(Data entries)
☆ ☆ ☆ ☆
Lemma falling_diag m : falling (INR m) m = INR (fact m).
Proof.
  induction m. reflexivity.
  rewrite falling_S_l. replace (INR (S m) - 1) with (INR m) by (rewrite S_INR; lra).
  rewrite IHm. rewrite fact_simpl, mult_INR. reflexivity.
Qed.

Lemma binomR_0 x : binomR x 0 = 1. Proof. unfold binomR. rewrite falling_0. simpl. field. Qed.

Lemma binomR_diag m : binomR (INR m) m = 1.
Proof. unfold binomR. rewrite falling_diag. field. apply INR_fact_neq_0. Qed.

Lemma binomR_S_r x m : binomR x (S m) * INR (S m) = binomR x m * (x - INR m).
Proof.
  unfold binomR. rewrite falling_S_r. rewrite fact_simpl, mult_INR.
  field. split; [apply INR_fact_neq_0|]. apply not_0_INR. lia.
Qed.

Lemma binomR_S_l x m : binomR x (S m) * INR (S m) = x * binomR (x - 1) m.
Proof.
  unfold binomR. rewrite falling_S_l. rewrite fact_simpl, mult_INR.
  field. split; [apply INR_fact_neq_0|]. apply not_0_INR. lia.
Qed.

Lemma binomR_absorb x m : binomR x m * (x - INR m) = x * binomR (x - 1) m.
Proof. rewrite <- binomR_S_r, binomR_S_l. reflexivity. Qed.

Lemma binomR_nat_lt j m : (0 <= j)%Z -> (j < Z.of_nat m)%Z -> binomR (IZR j) m = 0.
Proof. intros. unfold binomR. rewrite falling_nat_lt by auto. lra. Qed.
Lemma binomR_vandermonde m : forall x y,
  nsum (S m) (fun r => binomR x r * binomR y (m - r)) = binomR (x + y) m.
Proof.
  induction m; intros x y.
  - unfold nsum. simpl. rewrite !binomR_0. lra.
  - apply (Rmult_eq_reg_r (INR (S m))); [|apply not_0_INR; lia].
    rewrite binomR_S_r, <- IHm.
    transitivity (nsum (S (S m)) (fun r => INR r * (binomR x r * binomR y (S m - r)))
                + nsum (S (S m)) (fun r => INR (S m - r) * (binomR x r * binomR y (S m - r)))).
    { rewrite <- nsum_plus. rewrite Rmult_comm, <- nsum_scal. apply nsum_ext.
      intros i Hi. rewrite minus_INR by lia. lra. }
    rewrite (nsum_S_l (S m) (fun r => INR r * _)).
    rewrite (nsum_S_r (S m) (fun r => INR (S m - r) * _)).
    replace (S m - S m)%nat with 0%nat by lia.
    simpl (INR 0).
    rewrite !Rmult_0_l, Rplus_0_l, Rplus_0_r, <- nsum_plus, Rmult_comm, <- nsum_scal.
    apply nsum_ext. intros r Hr.
    replace (S m - S r)%nat with (m - r)%nat by lia.
    replace (S m - r)%nat with (S (m - r))%nat by lia.
    replace (INR (S r) * (binomR x (S r) * binomR y (m - r))) with ((binomR x (S r) * INR (S r)) * binomR y (m - r)) by ring.
    replace (INR (S (m - r)) * (binomR x r * binomR y (S (m - r)))) with (binomR x r * (binomR y (S (m - r)) * INR (S (m - r)))) by ring.
    rewrite !binomR_S_r. rewrite minus_INR by lia. ring.
Qed.

Lemma binomR_vandermondeZ j1 j2 i : (i <= j1 + j2)%Z ->
  zsum (i - j2) j1 (fun l => binomR (IZR j1) (Z.to_nat (j1 - l)) * binomR (IZR j2) (Z.to_nat (j2 - (i - l))))
  = binomR (IZR (j1 + j2)) (Z.to_nat (j1 + j2 - i)).
Proof.
  intros H. set (m := Z.to_nat (j1 + j2 - i)).
  set (F := fun l => binomR (IZR j1) (Z.to_nat (j1 - l)) * binomR (IZR j2) (Z.to_nat (j2 - (i - l)))).
  transitivity (zsum 0 (Z.of_nat m) (fun r => F (j1 - r)%Z)).
  - etransitivity; [|symmetry; apply (zsum_reflect 0 (Z.of_nat m) j1 F)]. f_equal; subst m; lia.
  - rewrite zsum0_nsum, plus_IZR, <- binomR_vandermonde. apply nsum_ext. intros r Hr.
    unfold F. f_equal; f_equal; lia.
Qed.

Lemma coef_above f j s t : (ldeg f < j)%Z -> coef f j s t = 0.
Proof. intros H. unfold coef. replace (j <=? ldeg f)%Z with false by (symmetry; apply Z.leb_gt; lia). reflexivity. Qed.

Lemma coef_below f j : (j <= ldeg f)%Z -> coef f j = lco f j.
Proof. intros H. unfold coef. replace (j <=? ldeg f)%Z with true by (symmetry; apply Z.leb_le; lia). reflexivity. Qed.

Lemma coef_ladd f g j s t : coef (ladd f g) j s t = coef f j s t + coef g j s t.
Proof.
  destruct (Z_le_gt_dec j (Z.max (ldeg f) (ldeg g))).
  - rewrite coef_below by (simpl; lia). reflexivity.
  - rewrite !coef_above by (simpl; lia). lra.
Qed.

Lemma coef_lopp f j s t : coef (lopp f) j s t = - coef f j s t.
Proof.
  destruct (Z_le_gt_dec j (ldeg f)).
  - rewrite coef_below by (simpl; lia). reflexivity.
  - rewrite !coef_above by (simpl; lia). lra.
Qed.

Lemma coef_lsub f g j s t : coef (lsub f g) j s t = coef f j s t - coef g j s t.
Proof. unfold lsub. rewrite coef_ladd, coef_lopp. lra. Qed.

Lemma coef_lmul f g j s t lo hi : (lo <= j - ldeg g)%Z -> (ldeg f <= hi)%Z ->
  coef (lmul f g) j s t = zsum lo hi (fun i => coef f i s t * coef g (j - i) s t).
Proof.
  intros H1 H2.
  destruct (Z_le_gt_dec j (ldeg f + ldeg g)).
  - rewrite coef_below by (simpl; lia). simpl. rewrite sumZ_zsum.
    apply (zsum_supp_eq _ _ _ _ (j - ldeg g) (ldeg f)); try lia.
    intros i [Hi|Hi]; unfold fmul.
    + rewrite (coef_above g) by lia. lra.
    + rewrite (coef_above f) by lia. lra.
  - rewrite coef_above by (simpl; lia). symmetry. apply zsum_zero. intros i Hi.
    destruct (Z_le_gt_dec i (ldeg f)).
    + rewrite (coef_above g) by lia. lra.
    + rewrite (coef_above f) by lia. lra.
Qed.

Lemma coef_lconst c j s t : coef (lconst c) j s t = if (j =? 0)%Z then c s t else 0.
Proof.
  destruct (Z_le_gt_dec j 0).
  - rewrite coef_below by (simpl; lia). simpl. destruct (j =? 0)%Z; reflexivity.
  - rewrite coef_above by (simpl; lia). replace (j =? 0)%Z with false by (symmetry; apply Z.eqb_neq; lia). reflexivity.
Qed.

Lemma coef_lmono d c j s t : coef (lmono d c) j s t = if (j =? d)%Z then c s t else 0.
Proof.
  destruct (Z_le_gt_dec j d).
  - rewrite coef_below by (simpl; lia). simpl. destruct (j =? d)%Z; reflexivity.
  - rewrite coef_above by (simpl; lia). replace (j =? d)%Z with false by (symmetry; apply Z.eqb_neq; lia). reflexivity.
Qed.

Lemma coef_ldk f j s t : coef (ldk f) j s t = IZR (j + 1) * coef f (j+1) s t.
Proof.
  destruct (Z_le_gt_dec j (ldeg f - 1)).
  - rewrite coef_below by (simpl; lia). reflexivity.
  - rewrite !coef_above by (simpl; lia). lra.
Qed.

Lemma coef_lpos f j s t : coef (lpos f) j s t = if (0 <? j)%Z then coef f j s t else 0.
Proof.
  destruct (Z_le_gt_dec j (ldeg f)).
  - rewrite coef_below by (simpl; lia). simpl. destruct (0 <? j)%Z; reflexivity.
  - rewrite !coef_above by (simpl; lia). destruct (0 <? j)%Z; reflexivity.
Qed.

Lemma coef_lmap D f j s t : D fzero s t = 0 -> coef (lmap D f) j s t = D (coef f j) s t.
Proof.
  intros HD. destruct (Z_le_gt_dec j (ldeg f)).
  - rewrite coef_below by (simpl; lia). simpl. rewrite coef_below by lia. reflexivity.
  - rewrite coef_above by (simpl; lia). unfold coef. replace (j <=? ldeg f)%Z with false by (symmetry; apply Z.leb_gt; lia). auto.
Qed.

Lemma dderiv_zero d s t : dderiv d fzero s t = 0.
Proof. unfold dderiv, fzero. destruct d; simpl; apply Derive_const. Qed.

Lemma coef_lmapd d f j s t : coef (lmap (dderiv d) f) j s t = dderiv d (coef f j) s t.
Proof. apply coef_lmap, dderiv_zero. Qed.

Lemma coef_lsubst f a i s t hi : (ldeg f <= hi)%Z ->
  coef (lsubst f a) i s t =
  zsum i hi (fun j => binomR (IZR j) (Z.to_nat (j - i)) * (- a s t) ^ (Z.to_nat (j - i)) * coef f j s t).
Proof.
  intros H. destruct (Z_le_gt_dec i (ldeg f)).
  - rewrite coef_below by (simpl; lia). simpl. rewrite sumZ_zsum.
    symmetry. apply zsum_trunc_hi; auto. intros j Hj. cbv beta. unfold fmul. rewrite coef_above by lia. lra.
  - rewrite coef_above by (simpl; lia). symmetry. apply zsum_zero. intros j Hj.
    rewrite coef_above by lia. lra.
Qed.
☆ ☆ ☆ ☆
▶ **Task description**:
Please tally the lines in the data above containing the string "then", and give the number alone.

▶ **Written solution**:
3